### [DATA RECORDS]
(* For every topological space $X$, the simplicial set $S_*^M(X)$ is a Kan complex.
   Context: A continuous multivalued map $X\to Y$ is a subset $T\subset X\times Y$ such that the restriction of the projection $X\times Y\to X$ to $T$ is proper (universally closed), surjective and has finite fibers; $M(X,Y)$ is the set of these. For a continuous map $f:A\to B$ and $\alpha\in M(B,X)$, set $\alpha\circ\mathrm{gr}(f)=\{(a,x)\in A\times X:(f(a),x)\in\alpha\}\in M(A,X)$. Let $\Delta_n=\{(t_0,\dots,t_n)\in\mathbb{R}^{n+1}:t_i\ge 0,\sum t_i=1\}$ with the standard coface maps $\delta^n_i:\Delta_{n-1}\to\Delta_n$ (inserting $0$ in position $i$) and codegeneracy maps $\sigma^n_i:\Delta_{n+1}\to\Delta_n$ (adding coordinates $i$ and $i+1$). $S_*^M(X)$ is the simplicial set with $S_n^M(X)=M(\Delta_n,X)$, face maps $\alpha\mapsto\alpha\circ\mathrm{gr}(\delta^n_i)$ and degeneracy maps $\alpha\mapsto\alpha\circ\mathrm{gr}(\sigma^n_i)$. *)

From HB Require Import structures.
From mathcomp Require Import all_boot all_order all_algebra.
From mathcomp Require Import all_classical all_reals.
From mathcomp Require Import topology.
From mathcomp Require Import Rstruct Rstruct_topology.
From Stdlib Require Import Rdefinitions.

Set Implicit Arguments.
Unset Strict Implicit.
Unset Printing Implicit Defensive.

Import Order.TTheory GRing.Theory Num.Theory.
Local Open Scope classical_set_scope.
Local Open Scope ring_scope.

Definition simplex_set (n : nat) : set 'rV[R]_(n.+1) :=
  [set t | (forall i, 0 <= t ord0 i) /\ \sum_i t ord0 i = 1].

Arguments simplex_set n : clear implicits.

(** Δ_n as a topological space (subspace topology, via the initial topology
    of the inclusion into R^{n+1} with its product topology). *)
Definition Delta (n : nat) : topologicalType := set_type (simplex_set n).

(** Insert a 0 in position i : the raw vector map underlying δ^{n+1}_i. *)
Definition coface_vec (m : nat) (i : 'I_(m.+2)) (v : 'rV[R]_(m.+1))
  : 'rV[R]_(m.+2) :=
  \row_j match unlift i j with None => 0 | Some j' => v ord0 j' end.

Lemma coface_vec_simplex m (i : 'I_(m.+2)) (v : 'rV[R]_(m.+1)) :
  simplex_set m v -> simplex_set m.+1 (coface_vec i v).
Proof.
case=> v0 v1; split.
  by move=> j; rewrite mxE; case: unliftP => [j' _|_] //.
rewrite (bigD1 i) //= mxE unlift_none add0r -v1.
rewrite (reindex_onto (lift i) (odflt ord0 \o unlift i)) /=.
  apply: eq_big => [j|j _]; first by rewrite liftK eqxx eq_sym neq_lift.
  by rewrite mxE liftK.
by move=> j ji; case: unliftP ji => [j' ->|->] //; rewrite eqxx.
Qed.

Definition coface (m : nat) (i : 'I_(m.+2)) (t : Delta m) : Delta m.+1 :=
  exist _ (coface_vec i (val t))
    (mem_set (coface_vec_simplex i (set_mem (valP t)))).

(** Universal closedness of the projection T → A (T ⊂ A × X carrying the
    subspace topology of A × X): for every space Z, the map
    T × Z → A × Z, ((a,x),z) ↦ (a,z) is closed.  A closed subset of T × Z
    is the trace (T × Z) ∩ D of a closed D ⊂ (A × X) × Z. *)
Definition universally_closed_proj {A X : topologicalType}
    (T : set (A * X)) : Prop :=
  forall (Z : topologicalType) (D : set ((A * X) * Z)), closed D ->
    closed [set p : A * Z | exists x : X, T (p.1, x) /\ D ((p.1, x), p.2)].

### [YOUR TASK]
Retype all of the data exactly. Leave nothing out.

### [SOLUTION]
(* For every topological space $X$, the simplicial set $S_*^M(X)$ is a Kan complex.
   Context: A continuous multivalued map $X\to Y$ is a subset $T\subset X\times Y$ such that the restriction of the projection $X\times Y\to X$ to $T$ is proper (universally closed), surjective and has finite fibers; $M(X,Y)$ is the set of these. For a continuous map $f:A\to B$ and $\alpha\in M(B,X)$, set $\alpha\circ\mathrm{gr}(f)=\{(a,x)\in A\times X:(f(a),x)\in\alpha\}\in M(A,X)$. Let $\Delta_n=\{(t_0,\dots,t_n)\in\mathbb{R}^{n+1}:t_i\ge 0,\sum t_i=1\}$ with the standard coface maps $\delta^n_i:\Delta_{n-1}\to\Delta_n$ (inserting $0$ in position $i$) and codegeneracy maps $\sigma^n_i:\Delta_{n+1}\to\Delta_n$ (adding coordinates $i$ and $i+1$). $S_*^M(X)$ is the simplicial set with $S_n^M(X)=M(\Delta_n,X)$, face maps $\alpha\mapsto\alpha\circ\mathrm{gr}(\delta^n_i)$ and degeneracy maps $\alpha\mapsto\alpha\circ\mathrm{gr}(\sigma^n_i)$. *)

From HB Require Import structures.
From mathcomp Require Import all_boot all_order all_algebra.
From mathcomp Require Import all_classical all_reals.
From mathcomp Require Import topology.
From mathcomp Require Import Rstruct Rstruct_topology.
From Stdlib Require Import Rdefinitions.

Set Implicit Arguments.
Unset Strict Implicit.
Unset Printing Implicit Defensive.

Import Order.TTheory GRing.Theory Num.Theory.
Local Open Scope classical_set_scope.
Local Open Scope ring_scope.

Definition simplex_set (n : nat) : set 'rV[R]_(n.+1) :=
  [set t | (forall i, 0 <= t ord0 i) /\ \sum_i t ord0 i = 1].

Arguments simplex_set n : clear implicits.

(** Δ_n as a topological space (subspace topology, via the initial topology
    of the inclusion into R^{n+1} with its product topology). *)
Definition Delta (n : nat) : topologicalType := set_type (simplex_set n).

(** Insert a 0 in position i : the raw vector map underlying δ^{n+1}_i. *)
Definition coface_vec (m : nat) (i : 'I_(m.+2)) (v : 'rV[R]_(m.+1))
  : 'rV[R]_(m.+2) :=
  \row_j match unlift i j with None => 0 | Some j' => v ord0 j' end.

Lemma coface_vec_simplex m (i : 'I_(m.+2)) (v : 'rV[R]_(m.+1)) :
  simplex_set m v -> simplex_set m.+1 (coface_vec i v).
Proof.
case=> v0 v1; split.
  by move=> j; rewrite mxE; case: unliftP => [j' _|_] //.
rewrite (bigD1 i) //= mxE unlift_none add0r -v1.
rewrite (reindex_onto (lift i) (odflt ord0 \o unlift i)) /=.
  apply: eq_big => [j|j _]; first by rewrite liftK eqxx eq_sym neq_lift.
  by rewrite mxE liftK.
by move=> j ji; case: unliftP ji => [j' ->|->] //; rewrite eqxx.
Qed.

Definition coface (m : nat) (i : 'I_(m.+2)) (t : Delta m) : Delta m.+1 :=
  exist _ (coface_vec i (val t))
    (mem_set (coface_vec_simplex i (set_mem (valP t)))).

(** Universal closedness of the projection T → A (T ⊂ A × X carrying the
    subspace topology of A × X): for every space Z, the map
    T × Z → A × Z, ((a,x),z) ↦ (a,z) is closed.  A closed subset of T × Z
    is the trace (T × Z) ∩ D of a closed D ⊂ (A × X) × Z. *)
Definition universally_closed_proj {A X : topologicalType}
    (T : set (A * X)) : Prop :=
  forall (Z : topologicalType) (D : set ((A * X) * Z)), closed D ->
    closed [set p : A * Z | exists x : X, T (p.1, x) /\ D ((p.1, x), p.2)].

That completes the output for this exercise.